I think this collection is really pretty, and definitely wearable, but I know a lot of you prefer brights! so tell me, which do you like best of these OPI shades?




I Pink I Love You 



Otherwise Engaged


At First Sight



Isn't It Romantic?
Source: OPI Fairytale Bride I Pink I Love You - OPI-FB-NLH32


----------



## Bec688 (Mar 25, 2009)

Ohh I love it! I am a huge fan of these sorts of shades for my fingers, and I go nuts with brights on my toes. These all look like similar shades I already have, very similar to the Princess Charming Collection actually, which I have all the shades. Still, when this is released I'll have to go have a play at the beauty supplier.

I'd like to try out I Pink I love you.


----------



## Maysie (Mar 25, 2009)

I love the first one. It's something you could wear anywhere, and it would stand out just enough from my skin color to be pretty.


----------



## pinksugar (Mar 25, 2009)

I like_ isn't it romantic_, but I'd have to see them in person!


----------



## HairEgo (Mar 25, 2009)

At first sight is the only one that I like.
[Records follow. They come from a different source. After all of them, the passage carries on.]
Lemma Cinf_lie1_y v1 v2 a1 a2 : Cinf v1 -> Cinf v2 -> Cinf a1 -> Cinf a2 ->
  Cinf (lie1_y v1 v2 a1 a2).
Proof. intros; rewrite lie1_yE; auto 6 using Cinf_fadd, Cinf_fmul, Cinf_dx, Cinf_dy. Qed.

Create HintDb Cinf.
#[export] Hint Resolve Cinf_dt Cinf_dx Cinf_dy Cinf_fconst Cinf_fadd Cinf_fmul Cinf_fopp
  Cinf_fsub Cinf_fpow Cinf_jac Cinf_curl2 Cinf_lap Cinf_lie1_x Cinf_lie1_y : Cinf.

Lemma dt_fsub f g : Cinf f -> Cinf g -> dt (fsub f g) = fsub (dt f) (dt g).
Proof. intros; apply (partial_fsub 0); now apply Cinf_ex_partial. Qed.
Lemma dx_fsub f g : Cinf f -> Cinf g -> dx (fsub f g) = fsub (dx f) (dx g).
Proof. intros; apply (partial_fsub 1); now apply Cinf_ex_partial. Qed.
Lemma dy_fsub f g : Cinf f -> Cinf g -> dy (fsub f g) = fsub (dy f) (dy g).
Proof. intros; apply (partial_fsub 2); now apply Cinf_ex_partial. Qed.
Lemma dx_fadd f g : Cinf f -> Cinf g -> dx (fadd f g) = fadd (dx f) (dx g).
Proof. intros; apply (partial_fadd 1); now apply Cinf_ex_partial. Qed.
Lemma dy_fadd f g : Cinf f -> Cinf g -> dy (fadd f g) = fadd (dy f) (dy g).
Proof. intros; apply (partial_fadd 2); now apply Cinf_ex_partial. Qed.
Lemma dx_fmul f g : Cinf f -> Cinf g -> dx (fmul f g) = fadd (fmul (dx f) g) (fmul f (dx g)).
Proof. intros; apply (partial_fmul 1); now apply Cinf_ex_partial. Qed.
Lemma dy_fmul f g : Cinf f -> Cinf g -> dy (fmul f g) = fadd (fmul (dy f) g) (fmul f (dy g)).
Proof. intros; apply (partial_fmul 2); now apply Cinf_ex_partial. Qed.
Lemma dx_fopp f : Cinf f -> dx (fopp f) = fopp (dx f).
Proof. intros; apply (partial_fopp 1); now apply Cinf_ex_partial. Qed.
Lemma dy_fopp f : Cinf f -> dy (fopp f) = fopp (dy f).
Proof. intros; apply (partial_fopp 2); now apply Cinf_ex_partial. Qed.

Lemma continuous_pair {U V W : UniformSpace} (f : U -> V) (g : U -> W) (u : U) :
  continuous f u -> continuous g u -> continuous (fun z => (f z, g z)) u.
Proof.
  intros Hf Hg; apply (continuous_comp_2 f g pair); auto.
  eapply continuous_ext; [|apply continuous_id]; now intros [].
Qed.

Lemma continuous3_comp f (h : R * R -> R * R * R) (w : R * R) :
  continuous3 f -> continuous h w -> continuous (fun w => uncurry3 f (h w)) w.
Proof.
  intros Hf Hh; apply (continuous_comp h (uncurry3 f)); [exact Hh|].
  destruct (h w) as [[t x] y]; apply Hf.
Qed.

Lemma Schwarz_continuous (F : R -> R -> R) (u v : R) :
  (forall a b, ex_derive (fun s => F s b) a) ->
  (forall a b, ex_derive (fun s => F a s) b) ->
  (forall a b, ex_derive (fun s => Derive (fun r => F s r) b) a) ->
  (forall a b, ex_derive (fun s => Derive (fun r => F r s) a) b) ->
  continuous (fun w : R * R => Derive (fun s => Derive (fun r => F s r) (snd w)) (fst w)) (u, v) ->
  continuous (fun w : R * R => Derive (fun s => Derive (fun r => F r s) (fst w)) (snd w)) (u, v) ->
  Derive (fun s => Derive (fun r => F s r) v) u = Derive (fun s => Derive (fun r => F r s) u) v.
Proof.
  intros H1 H2 H3 H4 C1 C2; apply Schwarz.
  - exists (mkposreal 1 Rlt_0_1); auto.
  - now apply continuity_2d_pt_filterlim.
  - now apply continuity_2d_pt_filterlim.
Qed.

Ltac continuous_embedding :=
  repeat apply continuous_pair; auto using continuous_fst, continuous_snd, continuous_const.

Lemma dy_dx_comm f : Cinf f -> dy (dx f) = dx (dy f).
Proof.
  intros Hf; apply field_ext; intros t x y; symmetry.
  apply (Schwarz_continuous (fun u v => f t u v)).
  - intros a b; exact (Cinf_ex_partial 1 f Hf t a b).
  - intros a b; exact (Cinf_ex_partial 2 f Hf t a b).
  - intros a b; exact (Cinf_ex_partial 1 _ (Cinf_dy f Hf) t a b).
  - intros a b; exact (Cinf_ex_partial 2 _ (Cinf_dx f Hf) t a b).
  - apply (continuous3_comp (dx (dy f)) (fun w => (t, fst w, snd w)) (x, y)).
    + apply Cinf_continuous3; auto with Cinf.
    + continuous_embedding.
  - apply (continuous3_comp (dy (dx f)) (fun w => (t, fst w, snd w)) (x, y)).
    + apply Cinf_continuous3; auto with Cinf.
    + continuous_embedding.
Qed.

Lemma dt_dx_comm f : Cinf f -> dt (dx f) = dx (dt f).
Proof.
  intros Hf; apply field_ext; intros t x y.
  apply (Schwarz_continuous (fun u v => f u v y)).
  - intros a b; exact (Cinf_ex_partial 0 f Hf a b y).
  - intros a b; exact (Cinf_ex_partial 1 f Hf a b y).
  - intros a b; exact (Cinf_ex_partial 0 _ (Cinf_dx f Hf) a b y).
  - intros a b; exact (Cinf_ex_partial 1 _ (Cinf_dt f Hf) a b y).
  - apply (continuous3_comp (dt (dx f)) (fun w => (fst w, snd w, y)) (t, x)).
    + apply Cinf_continuous3; auto with Cinf.
    + continuous_embedding.
  - apply (continuous3_comp (dx (dt f)) (fun w => (fst w, snd w, y)) (t, x)).
    + apply Cinf_continuous3; auto with Cinf.
    + continuous_embedding.
Qed.

Lemma dt_dy_comm f : Cinf f -> dt (dy f) = dy (dt f).
Proof.
  intros Hf; apply field_ext; intros t x y.
  apply (Schwarz_continuous (fun u v => f u x v)).
  - intros a b; exact (Cinf_ex_partial 0 f Hf a x b).
  - intros a b; exact (Cinf_ex_partial 2 f Hf a x b).
  - intros a b; exact (Cinf_ex_partial 0 _ (Cinf_dy f Hf) a x b).
  - intros a b; exact (Cinf_ex_partial 2 _ (Cinf_dt f Hf) a x b).
  - apply (continuous3_comp (dt (dy f)) (fun w => (fst w, x, snd w)) (t, y)).
    + apply Cinf_continuous3; auto with Cinf.
    + continuous_embedding.
  - apply (continuous3_comp (dy (dt f)) (fun w => (fst w, x, snd w)) (t, y)).
    + apply Cinf_continuous3; auto with Cinf.
    + continuous_embedding.
Qed.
I received this collection on Monday and am not very impressed with any of the other colours....I pink I love you is just like sweetheart, otherwise engaged is just like I'll take the cake, Isn't it romantic is identical to bubble bath.

I guess thats to be expected, there are only so many colours possible out there, and OPI has definetly made use of that.


----------



## Adrienne (Mar 25, 2009)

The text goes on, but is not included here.